De Inspectie Leefomgeving en Transport heeft Stichting Open een waarschuwing gegeven, omdat de producentenorganisatie de wettelijke inzameldoelstelling voor AEEA niet haalt.
Afgelopen mei plofte er bij Stichting Open een officiële waarschuwing van de Inspectie Leefomgeving en Transport (ILT) op de mat voor het missen van de wettelijke inzameldoelstelling voor afgedankte elektrische en elektronische apparaten (AEEA). De inspectiedienst heeft de producentenorganisatie verzocht om vóór 1 oktober aanstaande een concept plan van aanpak op te stellen om de doelstelling alsnog te halen. Dat laat de ILT weten na vragen hierover van AfvalOnline.
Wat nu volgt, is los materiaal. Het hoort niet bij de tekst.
Lemma lipschitz_of_lip_const_le {K x y} :
  (lip_const d f <= K%:E)%E -> 0 < d x y -> `|f x - f y| <= K * d x y.
Proof.
move=> fK; case: (pselect (x = y)) => [<- | xy] d_pos.
  have := le_trans lip_const_ge0 fK; rewrite lee_fin => K0.
  by rewrite subrr normr0 mulr_ge0 // ltW.
rewrite -ler_pdivrMr // -lee_fin; apply: le_trans fK.
by apply: ereal_sup_ubound; right; exists x, y.
Qed.

End LipConst.

Section LatticeLipNorm.
Context {R : realType} {X : topologicalType} (A : set (X -> R))
  (L : (X -> R) -> R).
Hypothesis X_compact : compact [set: X].
Hypothesis A_cont : forall {f}, A f -> continuous f.
Hypothesis A_const : forall c : R, A (fun _ => c).
Hypothesis A_add : forall {f g}, A f -> A g -> A (fun x => f x + g x).
Hypothesis A_scale : forall (c : R) {f}, A f -> A (fun x => c * f x).
Hypothesis A_max :
  forall {f g}, A f -> A g -> A (fun x => Num.max (f x) (g x)).
Hypothesis A_min :
  forall {f g}, A f -> A g -> A (fun x => Num.min (f x) (g x)).
Hypothesis L_add :
  forall {f g}, A f -> A g -> L (fun x => f x + g x) <= L f + L g.
Hypothesis L_scale :
  forall (c : R) {f}, A f -> L (fun x => c * f x) = `|c| * L f.
Hypothesis L_eq0 :
  forall {f}, A f -> (L f = 0 <-> exists c : R, f = (fun _ => c)).
Hypothesis L_closed : forall f, A f ->
  (forall e : R, 0 < e -> exists2 g, A g /\ L g <= 1 &
     forall x, `|f x - g x| < e) -> L f <= 1.
Hypothesis L_totally_bounded : forall {e : R}, 0 < e ->
  exists s : seq (X -> R), (forall g, g \in s -> A g) /\
    (forall f, A f -> L f <= 1 ->
       exists2 g, g \in s & exists c : R, forall x, `|f x - g x - c| < e).
Hypothesis L_max : forall {f g}, A f -> A g ->
  L (fun x => Num.max (f x) (g x)) <= Num.max (L f) (L g).

Lemma L_const c : L (fun _ => c) = 0.
Proof. by apply/L_eq0 => //; exists c. Qed.

Lemma fun_oppE (f : X -> R) : (fun x => - f x) = (fun x => -1 * f x).
Proof. by apply: funext => x; rewrite mulN1r. Qed.

Lemma A_opp {f} : A f -> A (fun x => - f x).
Proof. by move=> Af; rewrite fun_oppE; exact: A_scale. Qed.

Lemma L_opp {f} : A f -> L (fun x => - f x) = L f.
Proof. by move=> Af; rewrite fun_oppE L_scale // normrN normr1 mul1r. Qed.

Lemma L_ge0 {f} : A f -> 0 <= L f.
Proof.
move=> Af; have := L_add Af (A_opp Af).
have -> : (fun x => f x + - f x) = (fun _ => 0) by apply: funext => x; rewrite subrr.
by rewrite L_const L_opp //; lra.
Qed.

Lemma L_min {f g} : A f -> A g ->
  L (fun x => Num.min (f x) (g x)) <= Num.max (L f) (L g).
Proof.
move=> Af Ag.
have -> : (fun x => Num.min (f x) (g x)) = (fun x => - Num.max (- f x) (- g x)).
  by apply: funext => x; rewrite oppr_max !opprK.
rewrite L_opp; last exact: A_max (A_opp Af) (A_opp Ag).
by rewrite -(L_opp Af) -(L_opp Ag); exact: L_max (A_opp Af) (A_opp Ag).
Qed.

Lemma L_affine K c {g} : 0 <= K -> A g ->
  A (fun z => K * g z + c) /\ L (fun z => K * g z + c) <= K * L g.
Proof.
move=> K0 Ag; split; first exact: A_add (A_scale K Ag) (A_const c).
have := L_add (A_scale K Ag) (A_const c).
by rewrite L_const addr0 L_scale // ger0_norm.
Qed.

Let rho x y := rhoL A L (delta x) (delta y).

Lemma rhoL_has_sup x y :
  has_sup [set `|delta x g - delta y g| | g in [set g | A g /\ L g <= 1]].
Proof.
split.
  exists 0, (fun _ => 0); last by rewrite /delta subrr normr0.
  by split; [exact: A_const | rewrite L_const ler01].
have [s [_ s_net]] := L_totally_bounded ltr01.
exists (2 + \big[Num.max/0]_(h <- s) `|h x - h y|) => _ [g [Ag Lg] <-].
have [g' g's [c gc]] := s_net g Ag Lg.
have := le_bigmax_seq 0 g' xpredT (fun h => `|h x - h y|) g's erefl.
have := gc x; have := gc y.
rewrite /delta (_ : g x - g y = (g x - g' x - c) - (g y - g' y - c) + (g' x - g' y));
  last by ring.
move=> gy gx g'xy; apply: le_trans (ler_normD _ _) _.
by apply: le_trans (lerD (ler_normB _ _) (lexx _)) _; lra.
Qed.

Lemma rho_ub x y {g} : A g -> L g <= 1 -> `|g x - g y| <= rho x y.
Proof. by move=> Ag Lg; apply: sup_upper_bound (rhoL_has_sup x y) _ _; exists g. Qed.

Lemma rho_ge0 x y : 0 <= rho x y.
Proof. by apply: le_trans (rho_ub x y (A_const 0) _); rewrite ?L_const. Qed.

Lemma L_lipschitz_rho {f} x y : A f -> `|f x - f y| <= L f * rho x y.
Proof.
move=> Af; have [/(L_eq0 Af)[c ->] | Lf_neq0] := eqVneq (L f) 0.
  by rewrite subrr normr0 L_const mul0r.
have Lf_pos : 0 < L f by rewrite lt0r Lf_neq0 L_ge0.
have Lf1 : L (fun z => (L f)^-1 * f z) <= 1.
  by rewrite L_scale // ger0_norm ?invr_ge0 ?(ltW Lf_pos) // mulVf.
have := rho_ub x y (A_scale (L f)^-1 Af) Lf1.
by rewrite -mulrBr normrM ger0_norm ?invr_ge0 ?(ltW Lf_pos) // ler_pdivrMl.
Qed.

Lemma rho_approx x y {e} : 0 < e ->
  exists2 g, A g /\ L g <= 1 & rho x y - e < g x - g y.
Proof.
move=> e0; have [_ [g [Ag Lg] <-]] := sup_adherent e0 (rhoL_has_sup x y).
rewrite /delta => gxy.
have [g_ge | g_lt] := leP 0 (g x - g y).
  by exists g => //; rewrite -(ger0_norm g_ge).
exists (fun z => - g z); first by split; [exact: A_opp | rewrite L_opp].
by rewrite opprK (addrC (- g x)) -(opprB (g x)) -(ltr0_norm g_lt).
Qed.

Section LipschitzApprox.
Context {K : R} {f : X -> R}.
Hypotheses (K_pos : 0 < K) (Af : A f)
  (f_lip : forall x y, `|f x - f y| <= K * rho x y).

Lemma two_point_approx x y {e} : 0 < e ->
  exists2 h, A h /\ L h <= K & h x = f x /\ h y < f y + e.
Proof.
move=> e0; have [g [Ag Lg] gxy] := rho_approx x y (divr_gt0 e0 K_pos).
have [Ah Lh] := L_affine K (f x - K * g x) (ltW K_pos) Ag.
exists (fun z => K * g z + (f x - K * g x)).
  by split=> //; exact: le_trans Lh (ler_piMr (ltW K_pos) Lg).
split; first by rewrite addrC subrK.
have : K * (rho x y - e / K) < K * (g x - g y) by rewrite ltr_pM2l.
rewrite !mulrBr mulrCA divff ?gt_eqF // mulr1.
by have := f_lip x y; have := ler_norm (f x - f y); lra.
Qed.

Lemma upper_approx x {e} : 0 < e ->
  exists2 h, A h /\ L h <= K & h x = f x /\ forall z, h z < f z + e.
Proof.
move=> e0; have /choice[h hP] : forall y, exists h,
    (A h /\ L h <= K) /\ (h x = f x /\ h y < f y + e).
  by move=> y; have [h ? ?] := two_point_approx x y e0; exists h.
have [|||||m [Am Lm] [m_lt m_eq]] :=
  @compact_lower_envelope _ _ [set h | A h /\ L h <= K] (fun z => f z + e) h x
    X_compact.
- move=> u v [Au Lu] [Av Lv]; split; first exact: A_min.
  by apply: le_trans (L_min Au Av) _; rewrite ge_max Lu Lv.
- by move=> y; case: (hP y).
- by move=> y; apply: A_cont; case: (hP y) => -[].
- by move=> z; apply: cvgD; [exact: A_cont | exact: cvg_cst].
- by move=> y; case: (hP y) => _ [].
by exists m => //; split => //; have [y ->] := m_eq x; case: (hP y) => _ [].
Qed.

Lemma uniform_approx {e} : 0 < e ->
  exists2 H, A H /\ L H <= K & forall z, `|f z - H z| < e.
Proof.
move=> e0; have [[x0 _] | X0] := pselect (exists x : X, True); last first.
  exists (fun _ => 0); first by split; [exact: A_const | rewrite L_const ltW].
  by move=> z; case: X0; exists z.
have /choice[h hP] : forall x, exists h,
    (A h /\ L h <= K) /\ (h x = f x /\ forall z, h z < f z + e).
  by move=> x; have [h ? ?] := upper_approx x e0; exists h.
have [|||||m [Am Lm] [m_lt m_eq]] :=
  @compact_lower_envelope _ _
    [set u | A (fun z => - u z) /\ L (fun z => - u z) <= K]
    (fun z => e - f z) (fun x z => - h x z) x0 X_compact.
- move=> u v [Au Lu] [Av Lv] /=.
  have -> : (fun z => - Num.min (u z) (v z)) = (fun z => Num.max (- u z) (- v z)).
    by apply: funext => z; rewrite oppr_min.
  split; first exact: A_max.
  by apply: le_trans (L_max Au Av) _; rewrite ge_max Lu Lv.
- move=> y /=.
  have -> : (fun z => - - h y z) = h y by apply: funext => z; rewrite opprK.
  by case: (hP y).
- by move=> y z; apply: cvgN; apply: A_cont; case: (hP y) => -[].
- by move=> z; apply: cvgB; [exact: cvg_cst | exact: A_cont].
- by move=> y /=; case: (hP y) => _ [-> _]; lra.
exists (fun z => - m z) => // z; have := m_lt z; have [y ->] := m_eq z.
by case: (hP y) => _ [_ /(_ z)]; rewrite opprK ltr_norml; lra.
Qed.

End LipschitzApprox.

Lemma L_le_of_uniform_approx {K f} : 0 < K -> A f ->
  (forall e, 0 < e -> exists2 H, A H /\ L H <= K & forall z, `|f z - H z| < e) ->
  L f <= K.
Proof.
move=> K_pos Af f_approx.
have Ki_ge0 : 0 <= K^-1 by rewrite invr_ge0 ltW.
rewrite -[K]mulr1 -ler_pdivrMl // -(ger0_norm Ki_ge0) -L_scale //.
apply: L_closed; first exact: A_scale.
move=> e e0; have [H [AH LH] fH] := f_approx (e * K) (mulr_gt0 e0 K_pos).
exists (fun z => K^-1 * H z).
  split; first exact: A_scale.
  by rewrite L_scale // ger0_norm // ler_pdivrMl // mulr1.
by move=> z; rewrite -mulrBr normrM ger0_norm // ltr_pdivrMl // mulrC.
Qed.

Lemma L_le_of_lipschitz {K f} : 0 <= K -> A f ->
  (forall x y, `|f x - f y| <= K * rho x y) -> L f <= K.
Proof.
move=> K0 Af f_lip; apply/ler_addgt0Pr => d d_pos.
have Kd_pos : 0 < K + d by rewrite ltr_wpDl.
apply: (L_le_of_uniform_approx Kd_pos Af) => e e0.
apply: (uniform_approx Kd_pos Af _ e0) => x y; apply: le_trans (f_lip x y) _.
by rewrite ler_wpM2r ?rho_ge0 // lerDl ltW.
Qed.

Lemma L_eq_lip_const f : A f -> (L f)%:E = lip_const rho f.
Proof.
move=> Af; apply/eqP; rewrite eq_le (lip_const_le rho f (L_ge0 Af)) ?andbT; last first.
  by move=> x y; exact: L_lipschitz_rho.
have := lip_const_ge0 rho f.
case E : (lip_const rho f) => [M | | ] // M0; last by rewrite leey.
rewrite lee_fin in M0 *; apply: (L_le_of_lipschitz M0 Af) => x y.
have := rho_ge0 x y; rewrite le_eqVlt => /orP[/eqP rho0 | rho_pos].
  by have := L_lipschitz_rho x y Af; rewrite -rho0 !mulr0.
by apply: (lipschitz_of_lip_const_le rho f _ rho_pos); rewrite E.
Qed.

End LatticeLipNorm.

Theorem corollary8p3 (R : realType) (X : topologicalType)
  (A : set (X -> R)) (L : (X -> R) -> R) :
  compact [set: X] -> hausdorff_space X ->
  dense_lattice_subspace A ->
  lip_norm A L ->
  (forall f g, A f -> A g ->
     L (fun x => Num.max (f x) (g x)) <= Num.max (L f) (L g)) ->
  forall f, A f ->
    (L f)%:E = lip_const (fun x y => rhoL A L (delta x) (delta y)) f.
Proof.
move=> X_compact _ [A_cont [A_const [A_add [A_scale [A_max [A_min _]]]]]].
case=> [[L_add L_scale] L_eq0 L_closed L_totally_bounded] L_max.
exact: (L_eq_lip_const A L X_compact A_cont A_const A_add A_scale A_max A_min
  L_add L_scale L_eq0 L_closed L_totally_bounded L_max).
Qed.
De ILT verwacht van het plan van aanpak een analyse waarom de doelstelling niet gehaald wordt en maatregelen om dit doel dichter te benaderen. Als het plannen binnen is, zal de ILT dit beoordelen en afwegen of dit aanleiding geeft tot vervolgstappen, geeft een woordvoerder aan. Stichting Open heeft tot uiterlijk 1 december 2024 de tijd voor een definitief plan van aanpak. Is dit plan onvoldoende, dan zijn er verschillende interventies mogelijk.
Eerder deze maand concludeerde de ILT nog dat een vergelijkbaar plan van Verpact voor het verbeteren van de inzameling van plastic drankflessen tekortschoot. Dit leidde tot het opleggen van lasten onder dwangsom aan deze producentenorganisatie.
In een ILT-rapport over het VTH-stelsel dat specifiek inzoomde op de inzameling en verwerking van AEEA, constateerde de dienst vorig jaar al dat het gat tussen het inzameldoel van 65 procent en de realisatie alleen maar groter wordt. Handhavend optreden zou juridisch echter lastig zijn.
Volgens de woordvoerder heeft dat te maken met uitspraken van de Raad van State over de inzamelnorm met betrekking tot verpakkingsglas in 2020. Daarin wordt gesteld dat de ILT geen lasten mag opleggen die strekken tot het behalen van de norm. Wat de ILT echter wel mag doen, is concrete lasten opleggen die leiden tot het dichter benaderen van de norm of lasten gericht op het doen van onderzoeken die kunnen leiden tot dergelijke maatregelen. Die weg kan de inspectiedienst dus bewandelen mochten de plannen van Stichting Open worden beoordeeld als ‘onvoldoende’.
Stichting Open moet in het kader van de uitgebreide producentenverantwoordelijkheid 65 procent inzameling realiseren van het driejaarsgemiddelde van alle apparaten die op de markt zijn gebracht. Hoewel de inzameling van AEEA in 2023 nog met 9 procent steeg, kwam het inzamelingspercentage PoM (Put on Market) met 29 procent maar een fractie hoger uit dan een jaar eerder. Zonnepanelen buiten beschouwing gelaten (en dat mag voor de doelstelling) ziet de prestatie er met 43 procent een stuk beter uit, maar het is nog lang geen 65 procent. Wat uiteraard niet helpt is dat er steeds meer apparaten met een lange levensduur op de markt komen, zoals dus zonnepanelen, maar bijvoorbeeld ook elektrische fietsen.
De regeling AEEA beschrijft overigens nog een alternatieve methode om de inzameldoelstelling te behalen: 85 procent van de AEEA die in een jaar is afgedankt inzamelen. Voor 2023 komt Stichting Open dan uit op een inzamelpercentage van 60 procent. Stichting Open-voorzitter Steven van Eijck concludeerde daar onlangs uit “dat we op de goede weg zijn”, maar het is maar zeer de vraag of de ILT daar ook zo naar kijkt.